Bu aşk sana bir beden büyük küçük kız... Uğraşma, sana bu renk yakışmıyor...
Sen kırmızının en çok yakıştığı dudaklara sahipsin, bak, sana siyah
öpücükler veriyorlar... Sen, sevildiğini duymanın en çok yakıştığı kulaklara
sahipsin, bak, sana susuyorlar... Sen her şarkıda hatırlanmanın en çok
yakıştığı isme sahipsin, bak unutuyorlar... “Yüzünü dökme küçük kız (1) ”,
diyor birileri, “bir tek sen misin unutulan sevilmeyi (1) ? ”...
Sen de geçmişim saklı küçük kız... Sende kandırılmışlıklarım, sen de
acıtılmışlıklarım, sen de tüm kaybolmuşluklarıma sebep olan meçhule giden
yolculuklarım... Bak dünyanın ucuna geldin... Birazdan aşağıya düşeceksin,
birazdan kaybolacaksın sonsuzlukta... O zaman kimse hatırlamayacak seni ruh
ikizinden başka... Kimsenin kolu uzanmayacak boşluktan seni kurtarmak için
ve kimse atmayacak kendini o meçhul karanlığa seni bulabilmek umuduyla...

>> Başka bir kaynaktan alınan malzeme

Lemma in_perm_cons {T : Type} {a : T} {l : list T} : In a l -> exists l', Permutation l (a :: l').
Proof.
  intros H. apply in_split in H as [l1 [l2 ->]].
  exists (l1 ++ l2). apply Permutation_sym, Permutation_middle.
Qed.

Lemma G3I_permS S S' G D : Permutation S S' -> G3I S G D -> G3I S' G D.
Proof. intros P H. eapply G3I_mset; eauto. Qed.

Lemma G3I_permL S G G' D : Permutation G G' -> G3I S G D -> G3I S G' D.
Proof. intros P H. eapply G3I_mset; eauto. Qed.

Lemma G3I_permR S G D D' : Permutation D D' -> G3I S G D -> G3I S G D'.
Proof. intros P H. eapply G3I_mset; eauto. Qed.

Lemma G3I_Ax_in a b P S G D :
  In (a, b) S -> In (a, Atom P) G -> In (b, Atom P) D -> G3I S G D.
Proof.
  intros HS HG HD.
  destruct (in_perm_cons HS) as [S2 PS], (in_perm_cons HG) as [G2 PG],
    (in_perm_cons HD) as [D2 PD].
  eapply G3I_mset; [apply G3I_Ax | symmetry; eassumption ..].
Qed.

Lemma G3I_Lbot_in x S G D : In (x, Bot) G -> G3I S G D.
Proof.
  intros HG. destruct (in_perm_cons HG) as [G2 PG].
  eapply G3I_permL; [symmetry; eassumption | apply G3I_Lbot].
Qed.

Lemma G3I_Limp_in x y A B S G D :
  In (x, y) S -> In (x, Imp A B) G ->
  G3I S G ((y, A) :: D) -> G3I S ((y, B) :: G) D -> G3I S G D.
Proof.
  intros HS HG H1 H2.
  destruct (in_perm_cons HS) as [S2 PS], (in_perm_cons HG) as [G2 PG].
  eapply G3I_mset; [apply G3I_Limp | symmetry; eassumption | symmetry; eassumption | reflexivity].
  - exact (G3I_mset _ _ _ _ _ _ H1 PS PG (Permutation_refl _)).
  - exact (G3I_mset _ _ _ _ _ _ H2 PS (perm_skip _ PG) (Permutation_refl _)).
Qed.

Lemma G3I_trans_in a b c S G D :
  In (a, c) S -> In (c, b) S -> G3I ((a, b) :: S) G D -> G3I S G D.
Proof.
  intros H1 H2 H. destruct (in_perm_cons H1) as [S1 P1].
  apply (Permutation_in _ P1) in H2 as [E | H2].
  - injection E as -> ->. exact (G3I_refl _ _ _ _ H).
  - destruct (in_perm_cons H2) as [S2 P2].
    assert (P : Permutation S ((a, c) :: (c, b) :: S2))
      by exact (Permutation_trans P1 (perm_skip _ P2)).
    apply (G3I_permS (Permutation_sym P)), G3I_trans.
    eapply G3I_permS; [apply perm_skip, P | exact H].
Qed.

(* Reachability in S may be assumed to be a relational atom of S, because
   refl and trans can add the atoms of the corresponding chain. *)
Lemma G3I_reach S G D a b : reach S a b ->
  (forall S', incl S S' -> In (a, b) S' -> G3I S' G D) -> G3I S G D.
Proof.
  intros R. apply clos_rt_rt1n in R.
  induction R as [a | a c b Hac R IH]; intros K.
  - apply (G3I_refl a). apply K; [apply incl_tl, incl_refl | now left].
  - apply IH. intros S' HS Hcb. apply (@G3I_trans_in a b c S'); [now apply HS | exact Hcb |].
    apply K; [now apply incl_tl | now left].
Qed.

Lemma fresh_label (l : list label) : exists z, ~ In z l.
Proof.
  exists (S (list_max l)). intros H.
  assert (Hle : Forall (fun k => k <= list_max l) l) by now apply list_max_le.
  rewrite Forall_forall in Hle. specialize (Hle _ H). lia.
Qed.

(** * Transport of derivations along label maps *)

Record embedding (h : label -> label) (S : list relf) (G D : list lform)
    (S' : list relf) (G' D' : list lform) : Prop := {
  embedding_rel : Forall (fun p => reach S' (h (fst p)) (h (snd p))) S;
  embedding_left : Forall (fun p => lcover S' G' (h (fst p)) (snd p)) G;
  embedding_right : Forall (fun p => rcover S' G' D' (h (fst p)) (snd p)) D }.

Definition transferable (S : list relf) (G D : list lform) : Prop :=
  forall h S' G' D', embedding h S G D S' G' D' -> G3I S' G' D'.

Section Embedding.

Variables (h : label -> label) (S S' : list relf) (G D G' D' : list lform).

Lemma embedding_consS a b :
  reach S' (h a) (h b) -> embedding h S G D S' G' D' ->
  embedding h ((a, b) :: S) G D S' G' D'.
Proof. intros R []. now constructor; [constructor | |]. Qed.

Lemma embedding_consL u B :
  lcover S' G' (h u) B -> embedding h S G D S' G' D' ->
  embedding h S ((u, B) :: G) D S' G' D'.
Proof. intros H []. now constructor; [| constructor |]. Qed.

Yalnızca ben olacağım... Önce seyredeceğim düşüşünü acıyla... Sonra yenik
düşecek “onsuz da yaşanır”larım... Birden bırakacağım kendimi... Ölümüm
olacaksın o zaman, bir kenarda unutulmuşluğum... Ta ki yeni bedenlerde can
bulana dek... Sonra seveceksin beni çünkü anlayacaksın yokluğunu
paylaşabildiğimi... Sonra aşık olacaksın bana çünkü anlayacaksın dökük
yüzündeki solgun bakışları en iyi benim anlayabildiğimi... Sonra unutacaksın
beni, fark edince seni “yolcu”luğumdan daha fazla istediğimi... Sonra sonsuz
bir uykuya dalacaksın onun omzunda... Sonra acıyacaksın onun
suskunluğunda... Sonra yeniden dökeceksin yüzünü, dünyanın ucunda yalnız
kaldığında...
Aşk tatlı bir sarhoşluk... Bazen ufak bir yudumu yeter başını döndürmeye;
bazen kadehler dolusu etkilemez seni... Çözüm doğru zamanda doğru içkiyi
bulabilmekte... Ve sen önündeki boş şişeler dolusu içmişliğin arasında
kendinde olacaksın, benden bir yudum almadığın için...
07.04.2007 - 14:36
Bugün yağmur yağdı şehre... Ve döküldü sen taneleri son kez içime...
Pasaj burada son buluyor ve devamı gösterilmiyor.